* [EXERCISE DESCRIPTION]
From the listing below, copy each line that holds "last".

════

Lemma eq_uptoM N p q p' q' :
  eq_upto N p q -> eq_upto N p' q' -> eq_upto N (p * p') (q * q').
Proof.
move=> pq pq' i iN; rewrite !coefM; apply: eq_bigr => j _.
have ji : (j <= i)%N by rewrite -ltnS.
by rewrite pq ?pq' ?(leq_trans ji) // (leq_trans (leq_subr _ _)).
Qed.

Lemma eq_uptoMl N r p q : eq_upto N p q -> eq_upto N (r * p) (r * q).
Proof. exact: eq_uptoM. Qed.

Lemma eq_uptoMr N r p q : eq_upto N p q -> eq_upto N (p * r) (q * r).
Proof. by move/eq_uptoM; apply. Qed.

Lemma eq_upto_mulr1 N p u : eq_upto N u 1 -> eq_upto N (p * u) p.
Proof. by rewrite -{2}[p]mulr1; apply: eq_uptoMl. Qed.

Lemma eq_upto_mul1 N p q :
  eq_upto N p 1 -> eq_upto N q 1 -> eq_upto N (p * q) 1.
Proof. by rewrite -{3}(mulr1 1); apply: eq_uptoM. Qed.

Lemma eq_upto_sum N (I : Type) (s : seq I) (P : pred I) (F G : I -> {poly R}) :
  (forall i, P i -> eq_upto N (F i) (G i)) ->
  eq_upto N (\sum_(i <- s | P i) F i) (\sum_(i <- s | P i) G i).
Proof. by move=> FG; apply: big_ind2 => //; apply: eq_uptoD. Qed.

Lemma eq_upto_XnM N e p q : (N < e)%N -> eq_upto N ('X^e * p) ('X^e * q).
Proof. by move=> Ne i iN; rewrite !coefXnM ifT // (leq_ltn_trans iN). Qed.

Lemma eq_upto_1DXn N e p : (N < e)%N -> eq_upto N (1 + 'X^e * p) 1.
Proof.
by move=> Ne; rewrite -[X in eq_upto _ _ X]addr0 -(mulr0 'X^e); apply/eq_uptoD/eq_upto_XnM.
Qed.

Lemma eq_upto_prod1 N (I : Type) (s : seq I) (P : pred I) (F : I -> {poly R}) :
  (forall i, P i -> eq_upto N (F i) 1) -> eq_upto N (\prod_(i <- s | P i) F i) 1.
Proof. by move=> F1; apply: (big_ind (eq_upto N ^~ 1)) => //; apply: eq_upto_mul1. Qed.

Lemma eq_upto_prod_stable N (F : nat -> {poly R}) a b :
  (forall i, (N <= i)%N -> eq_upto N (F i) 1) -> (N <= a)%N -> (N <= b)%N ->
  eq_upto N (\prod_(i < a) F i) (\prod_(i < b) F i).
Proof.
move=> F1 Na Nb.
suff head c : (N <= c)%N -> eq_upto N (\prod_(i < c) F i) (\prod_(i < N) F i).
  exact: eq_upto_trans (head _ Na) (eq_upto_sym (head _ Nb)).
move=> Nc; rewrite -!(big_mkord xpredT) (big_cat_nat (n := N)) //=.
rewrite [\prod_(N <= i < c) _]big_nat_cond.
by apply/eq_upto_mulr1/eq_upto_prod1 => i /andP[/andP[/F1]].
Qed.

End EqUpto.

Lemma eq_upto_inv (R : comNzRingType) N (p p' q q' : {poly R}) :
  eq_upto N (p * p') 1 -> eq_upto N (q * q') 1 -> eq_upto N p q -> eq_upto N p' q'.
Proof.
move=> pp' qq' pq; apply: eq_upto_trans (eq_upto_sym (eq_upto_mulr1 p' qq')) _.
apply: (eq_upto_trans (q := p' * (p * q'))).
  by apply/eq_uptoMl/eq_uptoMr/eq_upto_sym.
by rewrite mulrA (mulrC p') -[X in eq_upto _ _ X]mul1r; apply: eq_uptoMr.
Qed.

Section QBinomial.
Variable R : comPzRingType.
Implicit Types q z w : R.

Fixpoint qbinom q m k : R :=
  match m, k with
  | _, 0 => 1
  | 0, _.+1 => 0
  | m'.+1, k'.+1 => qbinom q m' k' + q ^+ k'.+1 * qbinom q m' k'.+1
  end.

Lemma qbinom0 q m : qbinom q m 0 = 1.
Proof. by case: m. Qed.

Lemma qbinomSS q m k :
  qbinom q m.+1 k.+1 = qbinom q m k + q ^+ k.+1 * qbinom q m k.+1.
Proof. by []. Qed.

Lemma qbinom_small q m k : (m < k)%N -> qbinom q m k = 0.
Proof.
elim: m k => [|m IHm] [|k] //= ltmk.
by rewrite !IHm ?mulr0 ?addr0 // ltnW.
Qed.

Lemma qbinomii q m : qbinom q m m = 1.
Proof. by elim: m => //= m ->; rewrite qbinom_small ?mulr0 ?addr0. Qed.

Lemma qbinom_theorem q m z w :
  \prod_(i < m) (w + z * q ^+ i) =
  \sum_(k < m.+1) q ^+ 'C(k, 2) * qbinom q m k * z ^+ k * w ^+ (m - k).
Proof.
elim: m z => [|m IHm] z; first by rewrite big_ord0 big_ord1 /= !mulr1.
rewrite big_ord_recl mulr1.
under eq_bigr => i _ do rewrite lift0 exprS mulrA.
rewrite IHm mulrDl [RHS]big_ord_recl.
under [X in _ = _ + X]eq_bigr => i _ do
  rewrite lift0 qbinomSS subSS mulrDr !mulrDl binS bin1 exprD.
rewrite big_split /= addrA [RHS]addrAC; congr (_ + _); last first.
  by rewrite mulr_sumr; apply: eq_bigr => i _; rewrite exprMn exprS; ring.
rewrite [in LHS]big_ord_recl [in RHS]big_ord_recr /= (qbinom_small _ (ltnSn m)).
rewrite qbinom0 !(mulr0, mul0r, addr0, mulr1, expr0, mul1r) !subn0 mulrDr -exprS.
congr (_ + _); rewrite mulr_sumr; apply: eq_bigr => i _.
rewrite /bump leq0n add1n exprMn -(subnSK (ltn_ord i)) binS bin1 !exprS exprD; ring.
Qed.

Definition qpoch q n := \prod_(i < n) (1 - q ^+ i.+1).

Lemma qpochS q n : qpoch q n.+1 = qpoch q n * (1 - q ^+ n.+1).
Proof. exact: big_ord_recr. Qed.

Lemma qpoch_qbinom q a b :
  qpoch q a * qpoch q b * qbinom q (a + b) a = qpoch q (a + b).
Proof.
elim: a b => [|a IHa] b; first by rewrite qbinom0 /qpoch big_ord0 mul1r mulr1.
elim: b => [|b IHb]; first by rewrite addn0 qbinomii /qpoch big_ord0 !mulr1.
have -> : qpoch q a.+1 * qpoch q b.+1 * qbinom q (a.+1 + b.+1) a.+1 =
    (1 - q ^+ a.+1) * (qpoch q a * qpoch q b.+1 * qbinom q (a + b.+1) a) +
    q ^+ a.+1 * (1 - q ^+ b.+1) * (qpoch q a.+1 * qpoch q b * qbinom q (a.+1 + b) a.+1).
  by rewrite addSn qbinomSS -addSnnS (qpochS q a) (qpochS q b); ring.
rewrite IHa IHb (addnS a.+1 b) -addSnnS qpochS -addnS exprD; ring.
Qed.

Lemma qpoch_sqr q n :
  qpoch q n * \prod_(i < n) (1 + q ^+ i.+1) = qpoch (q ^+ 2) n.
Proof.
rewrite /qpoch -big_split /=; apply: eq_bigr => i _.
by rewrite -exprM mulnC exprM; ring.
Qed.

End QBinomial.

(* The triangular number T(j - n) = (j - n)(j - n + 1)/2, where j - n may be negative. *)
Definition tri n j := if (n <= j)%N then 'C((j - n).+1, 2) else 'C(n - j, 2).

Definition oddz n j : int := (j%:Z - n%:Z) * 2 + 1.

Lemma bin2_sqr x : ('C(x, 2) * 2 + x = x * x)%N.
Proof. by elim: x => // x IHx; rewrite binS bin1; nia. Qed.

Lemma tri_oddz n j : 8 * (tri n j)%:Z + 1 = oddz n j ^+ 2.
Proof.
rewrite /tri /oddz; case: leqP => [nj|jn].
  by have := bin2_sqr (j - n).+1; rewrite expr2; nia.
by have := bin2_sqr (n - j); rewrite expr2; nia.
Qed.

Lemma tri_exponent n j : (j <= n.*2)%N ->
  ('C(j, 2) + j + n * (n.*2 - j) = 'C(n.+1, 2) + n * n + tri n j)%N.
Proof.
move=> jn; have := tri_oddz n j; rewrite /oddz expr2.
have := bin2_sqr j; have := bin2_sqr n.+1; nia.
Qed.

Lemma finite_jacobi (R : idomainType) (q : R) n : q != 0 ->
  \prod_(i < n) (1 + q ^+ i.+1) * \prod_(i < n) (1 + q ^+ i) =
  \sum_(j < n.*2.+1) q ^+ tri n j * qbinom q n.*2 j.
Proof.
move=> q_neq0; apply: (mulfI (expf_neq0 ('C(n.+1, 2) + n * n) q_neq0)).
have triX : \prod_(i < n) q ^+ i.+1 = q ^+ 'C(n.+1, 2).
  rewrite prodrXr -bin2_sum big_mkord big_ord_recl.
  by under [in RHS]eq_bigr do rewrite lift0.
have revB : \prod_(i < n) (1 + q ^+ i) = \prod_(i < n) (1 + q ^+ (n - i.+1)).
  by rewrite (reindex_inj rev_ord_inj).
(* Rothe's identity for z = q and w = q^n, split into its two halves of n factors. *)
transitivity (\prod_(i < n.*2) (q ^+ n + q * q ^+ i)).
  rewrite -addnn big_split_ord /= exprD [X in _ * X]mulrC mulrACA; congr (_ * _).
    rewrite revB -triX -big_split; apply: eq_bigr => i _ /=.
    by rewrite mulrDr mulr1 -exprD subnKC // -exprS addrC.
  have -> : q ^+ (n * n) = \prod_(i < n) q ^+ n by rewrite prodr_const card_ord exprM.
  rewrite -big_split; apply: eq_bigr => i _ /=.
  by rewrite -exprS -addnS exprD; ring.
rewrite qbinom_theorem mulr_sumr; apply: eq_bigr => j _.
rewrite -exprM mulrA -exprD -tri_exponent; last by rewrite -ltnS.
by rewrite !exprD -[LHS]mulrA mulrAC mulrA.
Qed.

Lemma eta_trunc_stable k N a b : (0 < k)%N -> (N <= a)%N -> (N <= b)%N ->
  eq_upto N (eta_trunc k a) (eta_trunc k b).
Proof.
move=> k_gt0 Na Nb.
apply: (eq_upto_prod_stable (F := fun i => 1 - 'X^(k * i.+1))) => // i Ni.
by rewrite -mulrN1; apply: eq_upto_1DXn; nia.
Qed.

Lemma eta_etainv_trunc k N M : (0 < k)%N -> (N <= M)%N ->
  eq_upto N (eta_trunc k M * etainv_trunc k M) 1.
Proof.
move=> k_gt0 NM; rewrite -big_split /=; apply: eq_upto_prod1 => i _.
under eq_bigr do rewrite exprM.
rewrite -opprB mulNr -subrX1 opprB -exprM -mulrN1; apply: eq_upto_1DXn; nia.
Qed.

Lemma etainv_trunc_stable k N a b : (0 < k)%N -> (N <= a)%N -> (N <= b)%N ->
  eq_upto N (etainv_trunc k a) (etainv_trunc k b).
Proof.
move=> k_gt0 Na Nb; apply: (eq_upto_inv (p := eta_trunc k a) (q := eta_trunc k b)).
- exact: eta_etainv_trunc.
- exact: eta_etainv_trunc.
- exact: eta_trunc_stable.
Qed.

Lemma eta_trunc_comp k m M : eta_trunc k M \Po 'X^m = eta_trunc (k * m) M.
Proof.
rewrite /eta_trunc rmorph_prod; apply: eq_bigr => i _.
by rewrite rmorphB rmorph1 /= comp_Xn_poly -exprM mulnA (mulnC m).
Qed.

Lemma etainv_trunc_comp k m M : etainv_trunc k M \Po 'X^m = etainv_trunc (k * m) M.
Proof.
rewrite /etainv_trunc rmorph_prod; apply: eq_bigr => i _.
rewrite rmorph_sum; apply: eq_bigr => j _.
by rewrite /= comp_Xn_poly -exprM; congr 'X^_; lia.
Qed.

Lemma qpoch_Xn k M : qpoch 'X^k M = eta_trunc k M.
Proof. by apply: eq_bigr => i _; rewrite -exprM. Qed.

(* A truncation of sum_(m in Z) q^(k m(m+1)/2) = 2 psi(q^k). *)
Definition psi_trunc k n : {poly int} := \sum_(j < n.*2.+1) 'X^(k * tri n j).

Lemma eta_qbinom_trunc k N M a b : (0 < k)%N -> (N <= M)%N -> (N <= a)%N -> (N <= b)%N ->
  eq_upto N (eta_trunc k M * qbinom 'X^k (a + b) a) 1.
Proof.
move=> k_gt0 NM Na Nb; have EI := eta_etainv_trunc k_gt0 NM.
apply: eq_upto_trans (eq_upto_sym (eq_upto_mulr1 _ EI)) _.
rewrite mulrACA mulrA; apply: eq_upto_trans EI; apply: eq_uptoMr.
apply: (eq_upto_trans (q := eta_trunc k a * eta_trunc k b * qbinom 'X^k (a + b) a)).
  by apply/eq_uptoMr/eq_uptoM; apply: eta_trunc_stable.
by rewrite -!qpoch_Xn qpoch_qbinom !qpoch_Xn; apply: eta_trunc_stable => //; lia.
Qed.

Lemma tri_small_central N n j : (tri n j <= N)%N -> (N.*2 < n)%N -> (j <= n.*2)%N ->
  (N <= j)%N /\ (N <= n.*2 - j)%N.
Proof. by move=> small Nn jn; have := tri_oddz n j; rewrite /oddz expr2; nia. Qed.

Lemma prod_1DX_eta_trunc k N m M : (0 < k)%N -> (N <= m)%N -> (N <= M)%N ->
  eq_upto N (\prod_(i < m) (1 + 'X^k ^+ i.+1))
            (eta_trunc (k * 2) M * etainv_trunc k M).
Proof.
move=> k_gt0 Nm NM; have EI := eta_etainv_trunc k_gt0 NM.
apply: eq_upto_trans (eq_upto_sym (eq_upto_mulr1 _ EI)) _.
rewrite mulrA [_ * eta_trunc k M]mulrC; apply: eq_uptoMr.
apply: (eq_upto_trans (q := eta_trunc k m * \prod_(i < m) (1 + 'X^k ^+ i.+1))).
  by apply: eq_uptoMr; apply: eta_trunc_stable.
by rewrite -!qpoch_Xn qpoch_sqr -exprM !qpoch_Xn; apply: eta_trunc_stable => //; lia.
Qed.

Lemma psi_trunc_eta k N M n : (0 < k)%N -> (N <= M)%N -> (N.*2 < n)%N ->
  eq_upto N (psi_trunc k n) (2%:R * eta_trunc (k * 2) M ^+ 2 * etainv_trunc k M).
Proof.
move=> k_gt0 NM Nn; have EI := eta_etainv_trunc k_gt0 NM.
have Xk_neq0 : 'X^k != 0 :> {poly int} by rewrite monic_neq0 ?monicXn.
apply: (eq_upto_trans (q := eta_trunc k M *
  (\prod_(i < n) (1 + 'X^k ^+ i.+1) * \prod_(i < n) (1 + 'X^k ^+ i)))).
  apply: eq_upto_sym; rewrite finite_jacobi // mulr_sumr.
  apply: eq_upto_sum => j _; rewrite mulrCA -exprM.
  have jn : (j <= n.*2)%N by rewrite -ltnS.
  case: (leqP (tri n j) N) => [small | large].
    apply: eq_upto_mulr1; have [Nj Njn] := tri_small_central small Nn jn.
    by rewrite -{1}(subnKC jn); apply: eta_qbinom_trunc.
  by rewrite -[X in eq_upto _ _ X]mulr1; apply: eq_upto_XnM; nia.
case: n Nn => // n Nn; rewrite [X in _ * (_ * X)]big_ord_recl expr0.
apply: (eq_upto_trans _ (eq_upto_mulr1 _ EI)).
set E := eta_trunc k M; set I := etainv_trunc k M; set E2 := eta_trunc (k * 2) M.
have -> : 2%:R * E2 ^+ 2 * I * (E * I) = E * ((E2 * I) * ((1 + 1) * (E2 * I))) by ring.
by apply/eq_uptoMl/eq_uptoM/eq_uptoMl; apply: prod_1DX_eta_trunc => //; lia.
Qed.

════

* [PROBLEM SOLUTION]
rewrite big_split /= addrA [RHS]addrAC; congr (_ + _); last first.
rewrite -exprM mulrA -exprD -tri_exponent; last by rewrite -ltnS.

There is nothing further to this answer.